## PROVIDED RECORDS
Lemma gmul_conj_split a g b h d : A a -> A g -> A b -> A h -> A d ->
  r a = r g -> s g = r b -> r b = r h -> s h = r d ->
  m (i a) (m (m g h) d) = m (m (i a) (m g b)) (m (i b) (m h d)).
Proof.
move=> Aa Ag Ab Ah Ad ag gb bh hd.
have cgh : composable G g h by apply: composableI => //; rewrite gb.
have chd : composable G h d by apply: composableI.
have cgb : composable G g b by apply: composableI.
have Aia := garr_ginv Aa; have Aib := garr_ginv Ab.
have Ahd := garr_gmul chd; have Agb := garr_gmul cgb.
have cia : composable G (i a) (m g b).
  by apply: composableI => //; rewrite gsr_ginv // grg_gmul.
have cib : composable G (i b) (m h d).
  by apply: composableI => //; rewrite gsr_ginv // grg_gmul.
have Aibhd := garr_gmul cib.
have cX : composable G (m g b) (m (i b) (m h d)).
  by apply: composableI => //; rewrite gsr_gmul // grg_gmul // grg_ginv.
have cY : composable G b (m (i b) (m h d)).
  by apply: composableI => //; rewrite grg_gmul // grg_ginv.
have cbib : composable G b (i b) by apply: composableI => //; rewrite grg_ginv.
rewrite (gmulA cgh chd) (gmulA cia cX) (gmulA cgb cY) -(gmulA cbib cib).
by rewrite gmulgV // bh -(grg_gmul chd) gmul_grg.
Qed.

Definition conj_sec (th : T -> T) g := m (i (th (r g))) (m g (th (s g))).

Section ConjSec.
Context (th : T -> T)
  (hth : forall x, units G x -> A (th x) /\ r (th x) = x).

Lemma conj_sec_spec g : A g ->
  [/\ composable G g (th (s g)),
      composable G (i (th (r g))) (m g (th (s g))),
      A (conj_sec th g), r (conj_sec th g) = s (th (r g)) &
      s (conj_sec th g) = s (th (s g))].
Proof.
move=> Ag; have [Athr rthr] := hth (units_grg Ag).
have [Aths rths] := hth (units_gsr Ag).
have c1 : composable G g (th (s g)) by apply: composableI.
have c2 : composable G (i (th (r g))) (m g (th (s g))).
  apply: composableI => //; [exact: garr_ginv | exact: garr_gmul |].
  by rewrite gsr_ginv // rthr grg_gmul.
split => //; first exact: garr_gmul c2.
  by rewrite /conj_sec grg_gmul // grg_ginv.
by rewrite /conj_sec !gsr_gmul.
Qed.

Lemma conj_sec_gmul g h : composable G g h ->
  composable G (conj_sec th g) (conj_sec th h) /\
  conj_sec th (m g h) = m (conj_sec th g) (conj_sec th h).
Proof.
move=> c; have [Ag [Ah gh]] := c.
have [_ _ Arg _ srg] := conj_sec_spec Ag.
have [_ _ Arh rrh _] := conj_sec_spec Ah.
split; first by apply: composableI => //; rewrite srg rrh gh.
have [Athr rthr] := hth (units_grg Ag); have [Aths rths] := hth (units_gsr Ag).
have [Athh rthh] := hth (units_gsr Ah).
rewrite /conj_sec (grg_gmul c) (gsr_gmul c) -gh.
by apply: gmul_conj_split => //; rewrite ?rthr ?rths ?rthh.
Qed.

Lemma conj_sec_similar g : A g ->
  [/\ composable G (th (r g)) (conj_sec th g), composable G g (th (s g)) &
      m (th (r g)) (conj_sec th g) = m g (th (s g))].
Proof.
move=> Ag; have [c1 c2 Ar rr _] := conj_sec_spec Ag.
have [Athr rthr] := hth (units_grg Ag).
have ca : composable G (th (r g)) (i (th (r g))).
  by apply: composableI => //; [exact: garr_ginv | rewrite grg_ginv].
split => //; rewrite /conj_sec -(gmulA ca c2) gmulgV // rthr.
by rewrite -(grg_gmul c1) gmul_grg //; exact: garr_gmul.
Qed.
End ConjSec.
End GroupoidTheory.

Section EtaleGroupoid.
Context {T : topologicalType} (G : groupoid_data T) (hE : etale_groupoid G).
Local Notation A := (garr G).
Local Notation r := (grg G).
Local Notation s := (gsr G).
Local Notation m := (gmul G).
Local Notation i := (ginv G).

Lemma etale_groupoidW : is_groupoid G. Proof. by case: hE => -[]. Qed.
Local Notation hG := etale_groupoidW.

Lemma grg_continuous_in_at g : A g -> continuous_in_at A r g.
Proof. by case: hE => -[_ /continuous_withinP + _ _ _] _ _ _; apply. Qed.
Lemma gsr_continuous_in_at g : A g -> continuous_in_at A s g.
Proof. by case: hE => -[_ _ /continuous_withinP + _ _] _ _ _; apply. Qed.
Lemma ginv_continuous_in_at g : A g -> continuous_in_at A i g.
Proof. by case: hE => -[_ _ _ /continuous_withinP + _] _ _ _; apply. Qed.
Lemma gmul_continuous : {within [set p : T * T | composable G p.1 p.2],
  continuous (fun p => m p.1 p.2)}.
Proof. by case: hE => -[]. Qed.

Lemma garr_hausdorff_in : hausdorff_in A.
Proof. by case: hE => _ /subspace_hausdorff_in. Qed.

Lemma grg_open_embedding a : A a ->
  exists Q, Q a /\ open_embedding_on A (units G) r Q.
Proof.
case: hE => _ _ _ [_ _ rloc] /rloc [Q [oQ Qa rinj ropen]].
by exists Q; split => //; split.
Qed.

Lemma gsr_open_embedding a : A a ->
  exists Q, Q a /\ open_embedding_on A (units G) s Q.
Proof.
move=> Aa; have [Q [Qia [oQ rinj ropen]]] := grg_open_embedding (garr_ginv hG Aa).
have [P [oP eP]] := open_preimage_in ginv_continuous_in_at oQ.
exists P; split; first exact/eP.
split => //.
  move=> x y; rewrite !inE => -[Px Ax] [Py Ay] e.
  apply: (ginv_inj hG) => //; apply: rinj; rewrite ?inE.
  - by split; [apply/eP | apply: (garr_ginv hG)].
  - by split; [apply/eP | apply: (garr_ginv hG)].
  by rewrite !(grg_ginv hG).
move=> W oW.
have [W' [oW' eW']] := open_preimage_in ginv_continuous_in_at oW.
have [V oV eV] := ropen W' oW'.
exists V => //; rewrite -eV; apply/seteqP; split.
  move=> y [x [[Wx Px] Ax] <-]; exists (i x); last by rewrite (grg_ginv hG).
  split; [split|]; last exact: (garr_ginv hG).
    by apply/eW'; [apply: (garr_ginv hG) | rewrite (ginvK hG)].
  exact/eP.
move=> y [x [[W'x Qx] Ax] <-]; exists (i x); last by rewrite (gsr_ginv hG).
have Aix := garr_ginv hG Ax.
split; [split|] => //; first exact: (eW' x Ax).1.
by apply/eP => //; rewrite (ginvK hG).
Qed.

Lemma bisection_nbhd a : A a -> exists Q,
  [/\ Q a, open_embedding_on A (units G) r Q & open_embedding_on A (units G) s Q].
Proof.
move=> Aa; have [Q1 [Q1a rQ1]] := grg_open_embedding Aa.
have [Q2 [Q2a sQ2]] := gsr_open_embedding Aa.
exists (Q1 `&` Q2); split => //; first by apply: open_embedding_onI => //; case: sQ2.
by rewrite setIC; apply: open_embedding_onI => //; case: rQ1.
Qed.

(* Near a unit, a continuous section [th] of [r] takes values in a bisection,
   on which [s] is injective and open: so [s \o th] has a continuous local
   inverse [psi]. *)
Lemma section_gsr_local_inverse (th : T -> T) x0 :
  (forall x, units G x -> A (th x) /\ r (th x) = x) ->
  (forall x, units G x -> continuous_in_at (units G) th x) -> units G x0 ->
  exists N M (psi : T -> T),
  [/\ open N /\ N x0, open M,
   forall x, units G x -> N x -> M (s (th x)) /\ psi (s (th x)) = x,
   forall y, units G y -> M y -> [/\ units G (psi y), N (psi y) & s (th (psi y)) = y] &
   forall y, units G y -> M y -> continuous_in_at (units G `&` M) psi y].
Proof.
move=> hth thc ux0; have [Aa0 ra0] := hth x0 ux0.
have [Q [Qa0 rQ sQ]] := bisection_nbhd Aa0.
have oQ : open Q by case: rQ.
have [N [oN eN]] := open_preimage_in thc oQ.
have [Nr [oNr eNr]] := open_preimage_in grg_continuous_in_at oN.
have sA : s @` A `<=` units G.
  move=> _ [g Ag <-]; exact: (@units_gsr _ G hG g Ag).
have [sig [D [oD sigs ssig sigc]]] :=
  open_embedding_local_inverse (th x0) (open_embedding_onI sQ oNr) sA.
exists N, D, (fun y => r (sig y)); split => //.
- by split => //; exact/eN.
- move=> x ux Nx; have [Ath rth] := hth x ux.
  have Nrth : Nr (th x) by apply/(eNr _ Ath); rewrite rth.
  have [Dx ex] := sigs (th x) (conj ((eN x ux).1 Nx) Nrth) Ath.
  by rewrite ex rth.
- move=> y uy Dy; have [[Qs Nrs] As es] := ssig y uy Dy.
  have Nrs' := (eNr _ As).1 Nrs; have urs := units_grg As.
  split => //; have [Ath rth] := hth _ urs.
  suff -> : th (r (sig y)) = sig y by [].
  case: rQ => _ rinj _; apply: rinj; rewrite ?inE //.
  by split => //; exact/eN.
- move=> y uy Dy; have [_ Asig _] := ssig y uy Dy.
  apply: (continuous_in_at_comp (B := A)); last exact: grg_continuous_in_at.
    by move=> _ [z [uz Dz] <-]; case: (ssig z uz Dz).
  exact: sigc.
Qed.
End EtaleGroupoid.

## EXERCISE REQUIREMENTS
Starting with the line above that holds "Local Notation hG := etale_groupoidW." and stopping with the line that holds "Proof. by case: hE => -[_ _ _", reproduce each line exactly, omitting all other lines.

## SOLUTION TO THE PROBLEM
Local Notation hG := etale_groupoidW.

Lemma grg_continuous_in_at g : A g -> continuous_in_at A r g.
Proof. by case: hE => -[_ /continuous_withinP + _ _ _] _ _ _; apply. Qed.
Lemma gsr_continuous_in_at g : A g -> continuous_in_at A s g.
Proof. by case: hE => -[_ _ /continuous_withinP + _ _] _ _ _; apply. Qed.
Lemma ginv_continuous_in_at g : A g -> continuous_in_at A i g.
Proof. by case: hE => -[_ _ _ /continuous_withinP + _] _ _ _; apply. Qed.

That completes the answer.